Goal of the exercise —
Repeat the lines of the data exactly, from the first one through the one that contains "apply: (@le_trans _ _ (P".

Material provided —
● ● ● ● ●

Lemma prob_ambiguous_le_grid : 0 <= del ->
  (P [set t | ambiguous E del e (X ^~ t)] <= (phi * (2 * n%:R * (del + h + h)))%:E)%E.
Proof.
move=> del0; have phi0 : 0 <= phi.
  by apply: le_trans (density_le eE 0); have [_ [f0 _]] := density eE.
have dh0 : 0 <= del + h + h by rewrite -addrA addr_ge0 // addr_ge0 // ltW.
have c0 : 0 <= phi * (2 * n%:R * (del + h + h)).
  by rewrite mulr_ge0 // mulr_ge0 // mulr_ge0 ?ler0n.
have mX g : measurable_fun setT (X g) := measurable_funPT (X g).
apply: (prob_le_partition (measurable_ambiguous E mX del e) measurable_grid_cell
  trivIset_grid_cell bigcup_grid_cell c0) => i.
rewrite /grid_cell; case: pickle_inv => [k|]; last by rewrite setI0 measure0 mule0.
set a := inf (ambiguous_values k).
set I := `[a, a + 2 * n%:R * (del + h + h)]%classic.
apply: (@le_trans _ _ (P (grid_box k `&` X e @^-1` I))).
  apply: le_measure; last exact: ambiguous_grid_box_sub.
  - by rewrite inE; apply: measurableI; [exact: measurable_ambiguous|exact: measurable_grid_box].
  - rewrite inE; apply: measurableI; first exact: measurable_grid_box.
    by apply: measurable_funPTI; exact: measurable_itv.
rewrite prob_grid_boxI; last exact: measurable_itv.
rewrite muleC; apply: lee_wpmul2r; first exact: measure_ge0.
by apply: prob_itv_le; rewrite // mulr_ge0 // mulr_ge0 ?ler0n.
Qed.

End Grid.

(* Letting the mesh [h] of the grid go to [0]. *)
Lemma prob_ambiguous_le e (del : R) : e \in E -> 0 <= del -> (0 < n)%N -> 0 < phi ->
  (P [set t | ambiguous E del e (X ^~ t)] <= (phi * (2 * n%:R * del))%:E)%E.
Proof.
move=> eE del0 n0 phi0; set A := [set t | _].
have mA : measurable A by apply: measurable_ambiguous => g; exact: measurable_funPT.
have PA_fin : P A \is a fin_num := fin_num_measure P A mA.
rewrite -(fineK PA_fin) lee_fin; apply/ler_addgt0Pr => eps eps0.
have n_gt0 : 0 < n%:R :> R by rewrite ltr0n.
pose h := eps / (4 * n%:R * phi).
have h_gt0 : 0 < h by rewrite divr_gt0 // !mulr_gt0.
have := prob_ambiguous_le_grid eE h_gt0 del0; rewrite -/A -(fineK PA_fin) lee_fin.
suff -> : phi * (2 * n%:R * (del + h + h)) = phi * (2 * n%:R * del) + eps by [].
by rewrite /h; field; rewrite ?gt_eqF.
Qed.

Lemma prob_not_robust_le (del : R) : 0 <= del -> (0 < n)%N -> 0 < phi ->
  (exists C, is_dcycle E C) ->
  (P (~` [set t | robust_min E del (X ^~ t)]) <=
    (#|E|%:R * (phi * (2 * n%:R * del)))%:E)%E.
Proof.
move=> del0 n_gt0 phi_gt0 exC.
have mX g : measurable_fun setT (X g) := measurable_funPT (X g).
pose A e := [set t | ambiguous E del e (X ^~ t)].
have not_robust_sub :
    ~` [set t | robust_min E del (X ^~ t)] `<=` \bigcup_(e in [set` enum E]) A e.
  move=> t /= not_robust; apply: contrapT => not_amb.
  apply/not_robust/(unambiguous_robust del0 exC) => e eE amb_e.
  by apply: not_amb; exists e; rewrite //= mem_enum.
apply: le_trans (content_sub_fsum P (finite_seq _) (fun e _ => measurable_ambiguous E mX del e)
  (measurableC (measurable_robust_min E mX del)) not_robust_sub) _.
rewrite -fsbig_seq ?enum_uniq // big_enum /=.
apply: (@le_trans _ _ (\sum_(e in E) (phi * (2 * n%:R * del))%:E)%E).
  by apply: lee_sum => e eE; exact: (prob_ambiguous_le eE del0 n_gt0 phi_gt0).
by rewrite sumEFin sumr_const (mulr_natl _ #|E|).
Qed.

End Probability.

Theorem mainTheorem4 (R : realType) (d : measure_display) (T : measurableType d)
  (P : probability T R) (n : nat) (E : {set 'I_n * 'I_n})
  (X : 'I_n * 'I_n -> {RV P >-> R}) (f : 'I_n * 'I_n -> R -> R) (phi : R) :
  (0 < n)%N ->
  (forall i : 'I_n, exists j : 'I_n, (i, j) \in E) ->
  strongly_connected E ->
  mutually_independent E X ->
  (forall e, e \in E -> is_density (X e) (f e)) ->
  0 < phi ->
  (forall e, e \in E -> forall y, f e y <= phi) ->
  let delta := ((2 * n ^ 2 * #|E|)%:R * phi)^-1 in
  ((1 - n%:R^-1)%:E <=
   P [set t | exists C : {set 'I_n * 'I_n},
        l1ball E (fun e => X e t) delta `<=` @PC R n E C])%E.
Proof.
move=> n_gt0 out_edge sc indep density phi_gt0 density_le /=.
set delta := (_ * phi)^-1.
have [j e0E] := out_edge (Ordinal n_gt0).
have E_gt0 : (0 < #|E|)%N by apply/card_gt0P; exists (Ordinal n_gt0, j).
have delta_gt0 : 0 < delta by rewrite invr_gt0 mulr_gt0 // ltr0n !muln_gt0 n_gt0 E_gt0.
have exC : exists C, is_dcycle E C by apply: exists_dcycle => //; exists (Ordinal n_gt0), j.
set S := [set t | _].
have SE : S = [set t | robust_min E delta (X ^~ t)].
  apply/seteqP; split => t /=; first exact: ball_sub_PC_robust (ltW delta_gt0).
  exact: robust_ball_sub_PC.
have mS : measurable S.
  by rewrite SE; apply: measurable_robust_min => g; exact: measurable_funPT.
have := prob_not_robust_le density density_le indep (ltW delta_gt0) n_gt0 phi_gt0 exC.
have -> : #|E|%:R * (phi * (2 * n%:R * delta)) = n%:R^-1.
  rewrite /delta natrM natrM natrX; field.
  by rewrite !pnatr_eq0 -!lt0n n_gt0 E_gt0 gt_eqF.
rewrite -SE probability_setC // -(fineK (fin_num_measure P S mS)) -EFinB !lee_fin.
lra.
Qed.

● ● ● ● ●

Finished task —
Lemma prob_ambiguous_le_grid : 0 <= del ->
  (P [set t | ambiguous E del e (X ^~ t)] <= (phi * (2 * n%:R * (del + h + h)))%:E)%E.
Proof.
move=> del0; have phi0 : 0 <= phi.
  by apply: le_trans (density_le eE 0); have [_ [f0 _]] := density eE.
have dh0 : 0 <= del + h + h by rewrite -addrA addr_ge0 // addr_ge0 // ltW.
have c0 : 0 <= phi * (2 * n%:R * (del + h + h)).
  by rewrite mulr_ge0 // mulr_ge0 // mulr_ge0 ?ler0n.
have mX g : measurable_fun setT (X g) := measurable_funPT (X g).
apply: (prob_le_partition (measurable_ambiguous E mX del e) measurable_grid_cell
  trivIset_grid_cell bigcup_grid_cell c0) => i.
rewrite /grid_cell; case: pickle_inv => [k|]; last by rewrite setI0 measure0 mule0.
set a := inf (ambiguous_values k).
set I := `[a, a + 2 * n%:R * (del + h + h)]%classic.
apply: (@le_trans _ _ (P (grid_box k `&` X e @^-1` I))).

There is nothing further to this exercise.